If you had a friend with bad eyesight who kept bumping into furniture or falling down or misreading important labels, you’d make them visit an eye doctor. For some reason, this kind of cause-and-effect social pressure doesn’t always apply when it comes to hearing loss. 

Humans are social animals, and we use our hearing for many important things. In particular, when you start to remove a person’s ability to communicate well – and create strain, anxiety, and problems for them in communicating with their spouse, friends, relatives, or co-workers – it shouldn’t be a shock that bad things happen.

Untreated hearing loss robs us of our self-confidence, spontaneity, independence and, frankly, many of the things that make life joyful. It can also hinder your academic performance, career, and income. So, it shouldn’t be surprising that all kinds of studies – research going back more than three decades now – show that better hearing leads to a better quality of life. I follow research on sensorineural hearing loss and I am hopeful something will come up in few years.

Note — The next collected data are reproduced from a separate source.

Lemma carries_le_logn_bin q n k : prime q -> carries q n k <= logn q 'C(n.*2, n).
Proof.
move=> q_pr; rewrite (logn_bin_double _ _ (k + n.*2.+1)) ?ltn_addl // /carries.
by rewrite iotaD count_cat leq_addr.
Qed.

Lemma carries_mod q n k : 0 < q -> carries q (n %% q ^ k) k = carries q n k.
Proof.
move=> q_gt0; apply: eq_in_count => i; rewrite mem_iota => /andP[_ lt_ik].
by rewrite modn_dvdm // dvdn_exp2l //; lia.
Qed.

Lemma carriesS q n k :
  carries q n k.+1 = carries q n k + (q ^ k.+1 <= (n %% q ^ k.+1).*2).
Proof. by rewrite /carries -[k.+1]addn1 iotaD count_cat /= add1n addn0 addn1. Qed.

Lemma sub_in_count (T : eqType) (a1 a2 : pred T) s :
  {in s, subpred a1 a2} -> count a1 s <= count a2 s.
Proof.
elim: s => //= x s IH sub_a; rewrite leq_add ?IH //.
  by case: (boolP (a1 x)) => // /(sub_a x (mem_head x s)) ->.
by move=> y s_y; apply: sub_a; rewrite inE s_y orbT.
Qed.

Lemma count_iota_blocks (P : pred nat) D Q :
  count P (iota 0 (D * Q)) = \sum_(d < D) count (fun r => P (d * Q + r)) (iota 0 Q).
Proof.
elim: D => [|D IH]; first by rewrite mul0n big_ord0.
rewrite big_ord_recr /= -IH mulSn addnC iotaD count_cat add0n; congr (_ + _).
by rewrite -{1}[D * Q]addn0 iotaDl count_map.
Qed.

Section FewCarries.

Cochlear implant is also my option down the road. Whatever option I may choose, I have learnt to adapt to it, live with it. And that’s why I’ll bring readers back to where I started: you only have about 12,000 hair cells in your inner ear for hearing. When those cells die, you don’t get them back. So, don’t burn them foolishly. And be sure to get your hearing tested, and seek help if you think you might have a hearing loss.